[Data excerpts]
■ ■ ■
Lemma poly_fun2C c : poly_fun2 (fun=> c).
Proof. by exists c%:P%:P => q; rewrite eval2C. Qed.

Lemma poly_fun2_fst : poly_fun2 fst.
Proof. by exists 'X%:P => q; rewrite eval2X1. Qed.

Lemma poly_fun2_snd : poly_fun2 snd.
Proof. by exists 'X => q; rewrite eval2X2. Qed.

Lemma poly_fun2_comp H A B : poly_fun2 A -> poly_fun2 B ->
  poly_fun2 (fun q => eval2 H (A q, B q)).
Proof. by move=> PA PB; exact: eval2_ind poly_fun2D poly_fun2M poly_fun2C PA PB H. Qed.

End BivariateEvaluation.

Arguments poly_fun2_fst {K}.
Arguments poly_fun2_snd {K}.

Section VanishingOnIntegerPoints.
Variable K : numDomainType.

Lemma poly_natr_eq0 (p : {poly K}) : (forall n : nat, p.[n%:R] = 0) -> p = 0.
Proof.
move=> p0; apply/eqP; apply: contraT => /max_poly_roots.
move=> /(_ [seq n%:R | n <- iota 0 (size p)]); rewrite size_map size_iota ltnn.
apply; first by apply/allP => _ /mapP[n _ ->]; apply/rootP.
by rewrite map_inj_uniq ?iota_uniq // => m n /eqP; rewrite eqr_nat => /eqP.
Qed.

Lemma poly2_natr_eq0 (F : {poly {poly K}}) :
  (forall n m : nat, eval2 F (n%:R, m%:R) = 0) -> F = 0.
Proof.
move=> F0; apply/eqP; rewrite -swapXY_eq0; apply/eqP/polyP => i.
rewrite coef0; apply: poly_natr_eq0 => m.
have /polyP/(_ i) := poly_natr_eq0 (p := F.[m%:R%:P]) (F0 ^~ m).
by rewrite horner_polyC coef_map coef0.
Qed.

End VanishingOnIntegerPoints.

Section ProjectiveForms.
Variable K : nzRingType.
Implicit Types (d e : nat) (c : nat -> nat -> K).

Lemma not_zariski_dense_P1P1 (T : set (option K * option K)) :
  ~ zariski_dense_P1P1 T -> exists d e c,
    (forall q, T q -> bihom_eval d e c q = 0) /\ exists q, bihom_eval d e c q != 0.
Proof.
move=> /existsNP[Z /not_implyP[[k [d [e [c ->]]]] /not_implyP[TZ /eqP/setTPn[q0]]]].
move=> /existsNP[t /eqP ct]; exists (d t), (e t), (c t).
by split; [move=> q /TZ; apply | exists q0].
Qed.

Definition bihom_affine d e c : {poly {poly K}} :=
  \poly_(j < e.+1) \poly_(i < d.+1) c i j.

Lemma bihom_affine_neq0 d e c q :
  bihom_eval d e c q != 0 -> bihom_affine d e c != 0.
Proof.
apply: contraNneq => c0; rewrite /bihom_eval; apply/eqP/big1 => i _; apply: big1 => j _.
have /polyP/(_ j)/polyP/(_ i) := c0.
by rewrite !coef0 coef_poly ltn_ord coef_poly ltn_ord => ->; rewrite !mul0r.
Qed.

End ProjectiveForms.

Lemma eval2_bihom_affine (K : comNzRingType) d e (c : nat -> nat -> K) (a b : K) :
  eval2 (bihom_affine d e c) (a, b) = bihom_eval d e c (Some a, Some b).
Proof.
rewrite /eval2 /bihom_eval /= horner_poly horner_sum exchange_big /=.
apply: eq_bigr => j _; rewrite hornerM -polyC_exp hornerC horner_poly mulr_suml.
by apply: eq_bigr => i _; rewrite !expr1n !mulr1 mulrAC.
Qed.

Section ComplexPlane.
Variable R : realType.
Local Notation C := (Cc R).
Implicit Types (F : {poly {poly C}}).

Lemma cvg_conj (u : nat -> C) (l : C) :
  u @ \oo --> l -> (fun n => (u n)^*) @ \oo --> l^*.
Proof.
move=> /cvgrPdist_lt ul; apply/cvgrPdist_lt => eps eps0.
by near do rewrite -rmorphB norm_conjC; apply: ul.
Unshelve. all: end_near.
Qed.

Lemma lim_conj (u : nat -> C) :
  lim ((fun n => (u n)^*) @ \oo) = (lim (u @ \oo))^*.
Proof.
have [[l ul]|ncu] := pselect (exists l : C, u @ \oo --> l).
  by rewrite (cvg_lim _ ul) // (cvg_lim _ (cvg_conj ul)).
rewrite /lim /lim_in !getPN ?conjC0 // => l ul; apply: ncu; first by exists l.
by exists l^*; have := cvg_conj ul; under eq_fun do rewrite conjCK.
Qed.

Lemma in_lattice_conj (w1 w2 z : C) :
  in_lattice w1 w2 z -> in_lattice w1^* w2^* z^*.
Proof. by case=> m [n ->]; exists m, n; rewrite rmorphD !rmorphM !rmorph_int. Qed.

Lemma wp_partial_conj (w1 w2 z : C) N :
  (wp_partial w1 w2 z N)^* = wp_partial w1^* w2^* z^* N.
Proof.
rewrite /wp_partial rmorphD fmorphV rmorphXn rmorph_sum; congr (_ + _).
apply: eq_bigr => i _; rewrite rmorph_sum; apply: eq_bigr => j _.
rewrite /wp_term; case: ifP => _; first by rewrite rmorph0.
by rewrite rmorphB !fmorphV !rmorphXn rmorphB rmorphD !rmorphM !rmorph_int.
Qed.

Lemma wp_conj (w1 w2 z : C) : wp w1^* w2^* z^* = omap (fun x => x^*) (wp w1 w2 z).
Proof.
rewrite /wp; case: (asboolP (in_lattice w1 w2 z)) => [Lz|NLz].
  by rewrite asboolT //; apply: in_lattice_conj.
rewrite asboolF => [/=|/in_lattice_conj]; last by rewrite !conjCK.
by rewrite -lim_conj; under eq_fun do rewrite wp_partial_conj.
Qed.

Lemma wp_prod_fmap2 (w1 w2 z : C) p :
  wp w1 w2 (toC p) = Some z -> wp_prod w1 w2 (fmap2 p) = (Some z, Some z^*).
Proof. by move=> wpz; rewrite /wp_prod (_ : fmap2 p = (toC p, (toC p)^*)) // wp_conj wpz. Qed.

Lemma fmap2_ReIm (z : C) : fmap2 (complex.Re z, complex.Im z) = (z, z^*).
Proof. by case: z. Qed.

Lemma fmap2E (p : R * R) :
  fmap2 p = (p.1%:C + 'i * p.2%:C, p.1%:C - 'i * p.2%:C)%C.
Proof.
by rewrite /fmap2 [(_ +i* p.2)%C]complexE [(_ -i* _)%C]complexE /= rmorphN mulrN.
Qed.

Lemma poly2_subst_fmap2 F : exists G : {poly {poly C}},
  forall u v, eval2 G (u, v) = eval2 F (u + 'i * v, u - 'i * v)%C.
Proof.
have iv : poly_fun2 (fun q : C * C => 'i%C * q.2) := poly_fun2M (poly_fun2C _) poly_fun2_snd.
have [G FG] := poly_fun2_comp F (poly_fun2D poly_fun2_fst iv) (poly_fun2B poly_fun2_fst iv).
by exists G => u v; rewrite FG.
Qed.

Lemma fmap2_linear_surj (a b : C) : exists u v : C, a = u + 'i * v /\ b = u - 'i * v.
Proof.
exists ((a + b) / 2), (- 'i * (a - b) / 2).
have -> : 'i * (- 'i * (a - b) / 2) = (a - b) / 2 :> C.
  by rewrite !mulrA mulrN -expr2 sqr_i opprK mul1r.
have two0 : (2 : C) != 0 by rewrite pnatr_eq0.
by split; field.
Qed.

Lemma fmap2_Zariski_dense F : (forall p : R * R, eval2 F (fmap2 p) = 0) -> F = 0.
Proof.
move=> F0; have [G FG] := poly2_subst_fmap2 F.
have G0 : G = 0.
  apply: poly2_natr_eq0 => n m.
  by rewrite FG -!(rmorph_nat (real_complex R)) -(F0 (n%:R, m%:R)) fmap2E.
apply: poly2_natr_eq0 => n m.
have [u [v [-> ->]]] := fmap2_linear_surj n%:R m%:R.
by rewrite -FG G0 eval20.
Qed.

Definition cplx_poly_fun2 (g : R * R -> C) :=
  exists P Q : {poly {poly R}}, forall q, g q = (eval2 P q +i* eval2 Q q)%C.

Lemma cplx_poly_fun2D f g :
  cplx_poly_fun2 f -> cplx_poly_fun2 g -> cplx_poly_fun2 (fun q => f q + g q).
Proof.
move=> [P [Q fPQ]] [P' [Q' gPQ]]; exists (P + P'), (Q + Q') => q.
by rewrite fPQ gPQ !eval2D.
Qed.

Lemma cplx_poly_fun2M f g :
  cplx_poly_fun2 f -> cplx_poly_fun2 g -> cplx_poly_fun2 (fun q => f q * g q).
Proof.
move=> [P [Q fPQ]] [P' [Q' gPQ]]; exists (P * P' - Q * Q'), (P * Q' + Q * P') => q.
by rewrite fPQ gPQ eval2B eval2D !eval2M.
Qed.

Lemma cplx_poly_fun2C c : cplx_poly_fun2 (fun=> c).
Proof. by case: c => a b; exists a%:P%:P, b%:P%:P => q; rewrite !eval2C. Qed.

Lemma cplx_poly_fun2_z : cplx_poly_fun2 (fun q => q.1 +i* q.2)%C.
Proof. by exists 'X%:P, 'X => q; rewrite eval2X1 eval2X2. Qed.

Lemma cplx_poly_fun2_zbar : cplx_poly_fun2 (fun q => q.1 -i* q.2)%C.
Proof. by exists 'X%:P, (0 - 'X) => q; rewrite eval2X1 eval2B eval20 eval2X2 sub0r. Qed.

Lemma eval2_fmap2_ReIm F : F != 0 -> exists P Q : {poly {poly R}},
  (P != 0 \/ Q != 0) /\ forall p, eval2 F (fmap2 p) = (eval2 P p +i* eval2 Q p)%C.
Proof.
move=> /eqP F0.
have [P [Q FPQ]] : cplx_poly_fun2 (fun p => eval2 F (fmap2 p)).
  exact: eval2_ind cplx_poly_fun2D cplx_poly_fun2M cplx_poly_fun2C
                   cplx_poly_fun2_z cplx_poly_fun2_zbar F.
exists P, Q; split=> //.
have [P0|] := eqVneq P 0; last by left.
have [Q0|] := eqVneq Q 0; last by right.
by exfalso; apply/F0/fmap2_Zariski_dense => p; rewrite FPQ P0 Q0 eval20.
Qed.

End ComplexPlane.

Theorem lemma2p3p4 (R : realType) (w1 w2 : Cc R) (S : set (R * R)) :
  lattice_basis w1 w2 ->
  S !=set0 ->
  real_alg_set S ->
  real_alg_irreducible S ->
  (exists F : {poly {poly Cc R}},
      bialgebraic_curve w1 w2 F /\ (@fmap2 R) @` S `<=` zero_set [:: F]) ->
  weakly_bialgebraic w1 w2 S.
Proof.
move=> _ S0 algS irrS [F [[[Fnc _] Fnd] fSF]].
have FfS p : S p -> eval2 F (fmap2 p) = 0.
  by move=> Sp; apply: (fSF (fmap2 p)); [exists p | rewrite mem_head].
have S_proper : S `<` setT.
  split=> // ST; apply: Fnc; exists 0; rewrite !polyC0.
  by apply: fmap2_Zariski_dense => p; apply/FfS/ST.
have [d [e [c [cwp [q0 cq0]]]]] := not_zariski_dense_P1P1 Fnd.
have [P [Q [PQ0 PQ]]] := eval2_fmap2_ReIm (bihom_affine_neq0 cq0).
split=> //; split=> //; exists (zero_set [:: P; Q]); split.
  exists [:: P; Q]; split=> //.
  by case: PQ0 => [P0|Q0]; [exists P | exists Q]; rewrite ?inE ?eqxx ?orbT.
move=> p q Sp; rewrite /calP; case wpz: wp => [z|] //= [<-].
have : bihom_eval d e c (Some z, Some z^*) = 0.
  by apply: cwp; rewrite -(wp_prod_fmap2 wpz); exists (fmap2 p) => //; apply: fSF; exists p.
rewrite -eval2_bihom_affine -fmap2_ReIm PQ => /eqP; rewrite eq_complex /=.
by move=> /andP[/eqP P0 /eqP Q0] G; rewrite !inE => /orP[]/eqP->.
Qed.
Lemma cfrac_shift : (0 < r)%N ->
  cfrac R r = fps_add (fps_const (R 1%N 0)) (fps_mulX (cfrac R' r)).
Proof.
move=> r_gt0; have lt_r : (r.-1 < r)%N by lia.
have eK := Kaux_mobius lt_r; rewrite (_ : r - r.-1 = 1)%N in eK; last by lia.
apply/eqP; rewrite -tofrac_eq; apply/eqP.
rewrite !cfracE fps_addE tofracD frac_mulX !frac_div ?cf_level_coef0 ?oner_neq0 //.
rewrite (R10_shift QR r_gt0) rmorphM tofracM.
apply: (cfrac_shift_field (D1 := (cf_level (y_even R 1) (Kaux R r r.-1))%:F)
          (D1' := (cf_level (y_even R' 1) (Kaux R' r r.-1))%:F)
          (a1' := frac_const (y_odd R' 1)) (b1' := frac_const (y_even R' 1)) _
          (Kaux_frac_neq0 _ _ _) (Kaux_frac_neq0 _ _ _) (Kaux_shift_neq0 _ _ _ _ _) _ _ eK).
- by rewrite frac_neq0 // cf_level_coef0 oner_neq0.
- by rewrite frac_neq0 // cf_level_coef0 oner_neq0.
- by rewrite -rmorphD; apply: frac_const_eq; rewrite (y_odd_shift1 QR).
- by rewrite -rmorphM; apply: frac_const_eq; rewrite (y_even_shift QR) //; lia.
- by rewrite frac_cf_level // Kaux_coef0 oner_neq0.
- by rewrite frac_cf_level // cf_level_coef0 oner_neq0.
- by rewrite frac_cf_level // Kaux_coef0 oner_neq0.
- by rewrite frac_cf_level // cf_level_coef0 oner_neq0.
Qed.

End Shift.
■ ■ ■
◆ **WHAT TO PRODUCE**
Scan the entries above for the word "polyP". Report the lines that hold it.

◆ **EXERCISE ANSWER**
move=> F0; apply/eqP; rewrite -swapXY_eq0; apply/eqP/polyP => i.
have /polyP/(_ i) := poly_natr_eq0 (p := F.[m%:R%:P]) (F0 ^~ m).
have /polyP/(_ j)/polyP/(_ i) := c0.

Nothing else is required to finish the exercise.